(* A family of structures $\mathfrak{K}$ is $\mathbf{nUs}$-learnable if and only if $\mathfrak{K}$ is a solid $\Sigma^{\mathrm{inf}}_1$-partial order.
   Context: All structures are countable, have domain $\mathbb{N}$, are in a finite relational signature, and are identified with their atomic diagrams. A family of structures $\mathfrak{K}$ is a countable set of pairwise nonisomorphic such structures. $\mathcal{S}\restriction_s$ is the finite substructure of $\mathcal{S}$ on $\{0,\dots,s\}$. $\mathrm{LD}(\mathfrak{K})$ is the set of structures with domain $\mathbb{N}$ isomorphic to a member of $\mathfrak{K}$. The hypothesis space is $\{\ulcorner\mathcal{A}\urcorner:\mathcal{A}\in\mathfrak{K}\}\cup\{?\}$; a learner is an arbitrary function $\mathbf{M}$ from $\{\mathcal{S}\restriction_s:\mathcal{S}\in\mathrm{LD}(\mathfrak{K}),s\in\mathbb{N}\}$ to the hypothesis space. $\mathbf{M}$ $\mathbf{nUs}$-learns $\mathfrak{K}$ if for every $\mathcal{S}\in\mathrm{LD}(\mathfrak{K})$ with $\mathcal{S}\cong\mathcal{A}\in\mathfrak{K}$, $\mathbf{M}(\mathcal{S}\restriction_n)$ is eventually constantly $\ulcorner\mathcal{A}\urcorner$, and moreover if $n_0$ is least with $\mathbf{M}(\mathcal{S}\restriction_{n_0})=\ulcorner\mathcal{A}\urcorner$ then $\mathbf{M}(\mathcal{S}\restriction_m)=\ulcorner\mathcal{A}\urcorner$ for all $m>n_0$; $\mathfrak{K}$ is $\mathbf{nUs}$-learnable if some learner $\mathbf{nUs}$-learns it. $\mathrm{Th}_{\Sigma^{\mathrm{inf}}_1}(\mathcal{A})$ is the set of $\Sigma^{\mathrm{inf}}_1$ sentences of $\mathcal{L}_{\omega_1\omega}$ true in $\mathcal{A}$ (a $\Sigma^{\mathrm{inf}}_1$ formula is a countable disjunction $\bigvee_i\exists\bar y_i\,\psi_i$ with each $\psi_i$ finitary quantifier-free). $\mathfrak{K}$ is a $\Sigma^{\mathrm{inf}}_1$-partial order if distinct members have distinct $\Sigma^{\mathrm{inf}}_1$-theories. $\mathfrak{K}$ is a solid $\Sigma^{\mathrm{inf}}_1$-partial order if it is a $\Sigma^{\mathrm{inf}}_1$-partial order and for every (nonempty) $\mathcal{A}\in\mathfrak{K}$, $\mathrm{Th}_{\Sigma^{\mathrm{inf}}_1}(\mathcal{A})\setminus\bigcup\{\mathrm{Th}_{\Sigma^{\mathrm{inf}}_1}(\mathcal{B}):\mathcal{B}\in\mathfrak{K},\ \mathrm{Th}_{\Sigma^{\mathrm{inf}}_1}(\mathcal{B})\subsetneq\mathrm{Th}_{\Sigma^{\mathrm{inf}}_1}(\mathcal{A})\}\neq\emptyset$. *)

From mathcomp Require Import all_boot.

Set Implicit Arguments.
Unset Strict Implicit.
Unset Printing Implicit Defensive.

Section Learning.

(* A finite relational signature: k relation symbols, symbol i of arity ar i. *)
Variable k : nat.
Variable ar : 'I_k -> nat.

(* A structure with domain nat, identified with its atomic diagram:
   for each symbol i, the set of (ar i)-tuples on which R_i holds. *)
Definition structure := forall i : 'I_k, (ar i).-tuple nat -> Prop.

Definition iso (A B : structure) : Prop :=
  exists f : nat -> nat, bijective f /\
    forall (i : 'I_k) (t : (ar i).-tuple nat), A i t <-> B i (map_tuple f t).

(* A family: a countable set of pairwise nonisomorphic structures. *)
Definition struct_family (K : structure -> Prop) : Prop :=
  (exists g : structure -> nat,
      forall A B, K A -> K B -> g A = g B -> A = B) /\
  (forall A B, K A -> K B -> iso A B -> A = B).

Definition LD (K : structure -> Prop) (S : structure) : Prop :=
  exists A, K A /\ iso S A.

(* The finite substructure S|_s on {0,...,s}, encoded by the pair (s, restr s S):
   restr s S is the atomic diagram of S restricted to tuples from {0,...,s}. *)
Definition restr (s : nat) (S : structure) : structure :=
  fun i t => all (fun x => x <= s) t /\ S i t.

(* A learner: a map from finite substructures (s, S|_s) to the hypothesis space,
   where [Some A] stands for the code of A and [None] for '?'. Since it is only
   ever applied to [restr s S], its value depends only on s and S|_s. *)
Definition learner := nat -> structure -> option structure.

Definition nUs_learns (M : learner) (K : structure -> Prop) : Prop :=
  (forall s S A, LD K S -> M s (restr s S) = Some A -> K A) /\
  forall S A, LD K S -> K A -> iso S A ->
    (exists N, forall n, N <= n -> M n (restr n S) = Some A) /\
    (forall n0, M n0 (restr n0 S) = Some A ->
       (forall n, n < n0 -> M n (restr n S) <> Some A) ->
       forall m, n0 < m -> M m (restr m S) = Some A).

Definition nUs_learnable (K : structure -> Prop) : Prop :=
  exists M : learner, nUs_learns M K.

Inductive qf : Type :=
| QTrue : qf
| QRel (i : 'I_k) (t : (ar i).-tuple nat) : qf
| QEq (x y : nat) : qf
| QNot (p : qf) : qf
| QAnd (p q : qf) : qf
| QOr (p q : qf) : qf.

Fixpoint qf_sat (A : structure) (a : nat -> nat) (p : qf) : Prop :=
  match p with
  | QTrue => True
  | QRel i t => A i (map_tuple a t)
  | QEq x y => a x = a y
  | QNot p => ~ qf_sat A a p
  | QAnd p q => qf_sat A a p /\ qf_sat A a q
  | QOr p q => qf_sat A a p \/ qf_sat A a q
  end.

(* A Sigma^inf_1 sentence: a countable disjunction  \/_n  exists y_n, psi_n,
   where psi_n is finitary quantifier-free and y_n lists all variables of psi_n
   (so each disjunct is a sentence). *)
Definition sigma1_sentence := nat -> qf.

Definition sat1 (A : structure) (phi : sigma1_sentence) : Prop :=
  exists n, exists a : nat -> nat, qf_sat A a (phi n).

Definition Th1 (A : structure) : sigma1_sentence -> Prop := fun phi => sat1 A phi.

Definition Th_sub (A B : structure) : Prop := forall phi, Th1 A phi -> Th1 B phi.
Definition Th_eq (A B : structure) : Prop := forall phi, Th1 A phi <-> Th1 B phi.
Definition Th_strict (B A : structure) : Prop := Th_sub B A /\ ~ Th_sub A B.

Definition sigma1_partial_order (K : structure -> Prop) : Prop :=
  forall A B, K A -> K B -> A <> B -> ~ Th_eq A B.

Definition solid_sigma1_partial_order (K : structure -> Prop) : Prop :=
  sigma1_partial_order K /\
  forall A, K A ->
    exists phi, Th1 A phi /\
      forall B, K B -> Th_strict B A -> ~ Th1 B phi.

End Learning.

From mathcomp Require Import all_boot.
From Stdlib Require Import Classical ClassicalEpsilon FunctionalExtensionality PropExtensionality.

Set Implicit Arguments.
Unset Strict Implicit.
Unset Printing Implicit Defensive.

(* If M nUs-learns K, A is in K and Th(B) is contained in Th(A), let n0 be the
   first stage at which M guesses A on A. If B satisfied the diagram of A|n0, a
   copy S of B would extend A|n0; M settles on B along S at some stage n1, and
   since Th(B) is in Th(A), a copy of A extends S|n1. Along that copy M first
   guesses A at n0 and later B, contradicting the nUs condition. So the
   diagram of A|n0 separates A from all such B: K is a solid partial order.
   Conversely, fix for every A in K a finitary disjunct th A of a sentence
   true in A and false in all B with Th(B) strictly below Th(A). At stage s,
   keep the previous conjecture if it is still a candidate (its index is at
   most s, th holds below s and S|s embeds into it), otherwise guess the
   candidate of least index. On a copy of A, A eventually stays a candidate;
   a wrong C whose th C holds in A has Th(A) not contained in Th(C), so S|s
   eventually stops embedding into C; hence the guess eventually becomes A
   and never leaves it. *)

Lemma classical_ex_minn (P : nat -> Prop) :
  (exists n, P n) -> exists2 n, P n & forall m, P m -> n <= m.
Proof.
pose p n := if excluded_middle_informative (P n) then true else false.
have pP n : reflect (P n) (p n).
  by rewrite /p; case: excluded_middle_informative => ?; constructor.
move=> [n /pP Pn]; have [m /pP Pm minm] := ex_minnP (ex_intro p n Pn).
by exists m => // j /pP /minm.
Qed.

Definition swap (a b x : nat) := if x == a then b else if x == b then a else x.

Lemma swapK a b : involutive (swap a b).
Proof.
move=> x; rewrite /swap.
case: (eqVneq x a) => [->|xa]; first by rewrite eqxx; case: eqVneq => // ->.
case: (eqVneq x b) => [->|xb]; first by rewrite eqxx.
by rewrite (negbTE xa) (negbTE xb).
Qed.

Lemma extend_prefix_injection (h : nat -> nat) n :
  (forall x y, x <= n -> y <= n -> h x = h y -> x = y) ->
  exists f, bijective f /\ forall x, x <= n -> f x = h x.
Proof.
move=> h_inj.
suff : forall j, j <= n.+1 -> exists f, bijective f /\ forall x, x < j -> f x = h x.
  by move=> /(_ n.+1 (leqnn _)).
elim=> [|j IH] jn; first by exists id; split=> //; exists id.
have [f [f_bij fh]] := IH (ltnW jn).
(* post-composing with a transposition moves f j to h j without disturbing f below j *)
exists (swap (f j) (h j) \o f); split.
  by apply: bij_comp => //; exact: inv_bij (swapK _ _).
move=> x; rewrite ltnS leq_eqVlt => /orP [/eqP -> | xj] /=.
  by rewrite /swap eqxx.
rewrite /swap (fh x xj).
have -> : (h x == f j) = false.
  by apply/negP => /eqP; rewrite -fh // => /(bij_inj f_bij) E; rewrite E ltnn in xj.
have -> : (h x == h j) = false.
  apply/negP => /eqP /h_inj E.
  by have := E (ltnW (leq_trans xj jn)) jn => E0; rewrite E0 ltnn in xj.
by [].
Qed.

Lemma map_tuple_comp n (T U V : Type) (f : U -> V) (g : T -> U) (t : n.-tuple T) :
  map_tuple f (map_tuple g t) = map_tuple (fun x => f (g x)) t.
Proof. by apply: val_inj; rewrite /= -map_comp. Qed.

Lemma map_tuple_id n (T : Type) (t : n.-tuple T) : map_tuple (fun x => x) t = t.
Proof. by apply: val_inj; rewrite /= map_id. Qed.

Section Structures.

Variables (k : nat) (ar : 'I_k -> nat).
Implicit Types (S A B C X Y : structure ar) (K : structure ar -> Prop) (p : qf ar)
  (M : learner ar).

Fixpoint qf_vars p : seq nat :=
  match p with
  | QTrue => [::]
  | QRel _ t => tval t
  | QEq x y => [:: x; y]
  | QNot p => qf_vars p
  | QAnd p q | QOr p q => qf_vars p ++ qf_vars q
  end.

Lemma qf_sat_transfer X Y (P : pred nat) (h b : nat -> nat) p :
  (forall x, x \in qf_vars p -> P (b x)) ->
  (forall x y, P x -> P y -> h x = h y -> x = y) ->
  (forall i (t : (ar i).-tuple nat), all P t -> (X i t <-> Y i (map_tuple h t))) ->
  (qf_sat X b p <-> qf_sat Y (fun x => h (b x)) p).
Proof.
move=> Pb h_inj XY; elim: p Pb => //=.
- move=> i t Pb; rewrite -[map_tuple (fun x => h (b x)) t]map_tuple_comp; apply: XY.
  by rewrite all_map; apply/allP => x /Pb.
- move=> x y Pb; split=> [-> // |]; apply: h_inj; apply: Pb;
    by rewrite !inE eqxx ?orbT.
- by move=> p IH Pb; rewrite IH.
- by move=> p IHp q IHq Pb; rewrite IHp ?IHq // => x Hx; apply: Pb;
    rewrite mem_cat Hx ?orbT.
- by move=> p IHp q IHq Pb; rewrite IHp ?IHq // => x Hx; apply: Pb;
    rewrite mem_cat Hx ?orbT.
Qed.

Lemma iso_refl S : iso S S.
Proof. by exists id; split; [exists id | move=> i t; rewrite map_tuple_id]. Qed.

Lemma iso_sym S A : iso S A -> iso A S.
Proof.
case=> f [[g fK gK] Sf]; exists g; split; first by exists f.
move=> i t; rewrite Sf map_tuple_comp.
suff -> : map_tuple (fun x => f (g x)) t = t by [].
by apply: val_inj; rewrite /= (eq_map gK) map_id.
Qed.

Lemma structure_ext X Y : (forall i t, X i t <-> Y i t) -> X = Y.
Proof.
move=> XY; apply: functional_extensionality_dep => i.
by apply: functional_extensionality => t; apply: propositional_extensionality.
Qed.

Lemma restr_ext n X Y :
  (forall i (t : (ar i).-tuple nat), all (fun x => x <= n) t -> (X i t <-> Y i t)) ->
  restr n X = restr n Y.
Proof.
by move=> XY; apply: structure_ext => i t; split=> -[tn ?]; split=> //; apply/(XY i t tn).
Qed.

Lemma restr_restr m n X : m <= n -> restr m (restr n X) = restr m X.
Proof.
move=> mn; apply: structure_ext => i t; split=> [[tm [_ Xt]] // | [tm Xt]].
by split=> //; split=> //; apply: sub_all tm => x /= xm; exact: leq_trans xm mn.
Qed.

Lemma restr_eq_le m n X Y : m <= n -> restr n X = restr n Y -> restr m X = restr m Y.
Proof. by move=> mn E; rewrite -(restr_restr X mn) E restr_restr. Qed.

Lemma qf_sat_restr s X b p :
  (forall x, x \in qf_vars p -> b x <= s) ->
  (qf_sat (restr s X) b p <-> qf_sat X b p).
Proof.
move=> bs; symmetry; apply: (qf_sat_transfer (P := fun x => x <= s) (h := id)) => //.
by move=> i t ts; rewrite map_tuple_id; split=> // -[].
Qed.

Definition sat_below s X p :=
  exists b : nat -> nat, (forall x, x \in qf_vars p -> b x <= s) /\ qf_sat X b p.

Lemma sat_below_restr s X p : sat_below s (restr s X) p <-> sat_below s X p.
Proof. by split=> -[b [bs Xb]]; exists b; split=> //; move: Xb; rewrite qf_sat_restr. Qed.

Lemma sat_below_le s s' X p : s <= s' -> sat_below s X p -> sat_below s' X p.
Proof. by move=> ss' [b [bs Xb]]; exists b; split=> // x /bs /leq_trans; apply. Qed.

Lemma sat_below_exists X a p : qf_sat X a p -> exists s, sat_below s X p.
Proof.
exists (\max_(x <- qf_vars p) a x), a; split=> // x xp.
exact: (leq_bigmax_seq (P := predT)).
Qed.

Definition pembed s X Y :=
  exists h : nat -> nat, (forall x y, x <= s -> y <= s -> h x = h y -> x = y) /\
    forall i (t : (ar i).-tuple nat), all (fun x => x <= s) t ->
      (X i t <-> Y i (map_tuple h t)).

Lemma pembed_restr s X Y : pembed s (restr s X) Y <-> pembed s X Y.
Proof.
by split=> -[h [h_inj XY]]; exists h; split=> // i t ts; rewrite -XY // /restr; tauto.
Qed.

Lemma pembed_le s s' X Y : s <= s' -> pembed s' X Y -> pembed s X Y.
Proof.
move=> ss' [h [h_inj XY]]; have le_s' x : x <= s -> x <= s' by move/leq_trans; apply.
exists h; split=> [x y /le_s' xs /le_s' ys | i t ts]; first exact: h_inj.
by apply: XY; apply: sub_all ts.
Qed.

Lemma iso_pembed s S A : iso S A -> pembed s S A.
Proof. by case=> f [f_bij Sf]; exists f; split=> [x y _ _ | i t _]; [exact: bij_inj | exact: Sf]. Qed.

Lemma pembed_sat_below s X Y p :
  pembed s X Y -> sat_below s X p -> exists a, qf_sat Y a p.
Proof.
move=> [h [h_inj XY]] [b [bs Xb]]; exists (fun x => h (b x)).
exact/(qf_sat_transfer (P := fun x => x <= s) bs h_inj XY).
Qed.

Lemma Th_sub_pembed X Y : (forall s, pembed s X Y) -> Th_sub X Y.
Proof.
move=> XY phi [n [a Xa]]; have [s Xs] := sat_below_exists Xa.
by have [b Yb] := pembed_sat_below (XY s) Xs; exists n, b.
Qed.

Lemma iso_Th_sub S A : iso S A -> Th_sub S A.
Proof. by move=> SA; apply: Th_sub_pembed => s; exact: iso_pembed. Qed.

————

WORK TASK: When a line in the material above includes "elim", report that line by copying it.

THE ANSWER:
elim=> [|j IH] jn; first by exists id; split=> //; exists id.
move=> Pb h_inj XY; elim: p Pb => //=.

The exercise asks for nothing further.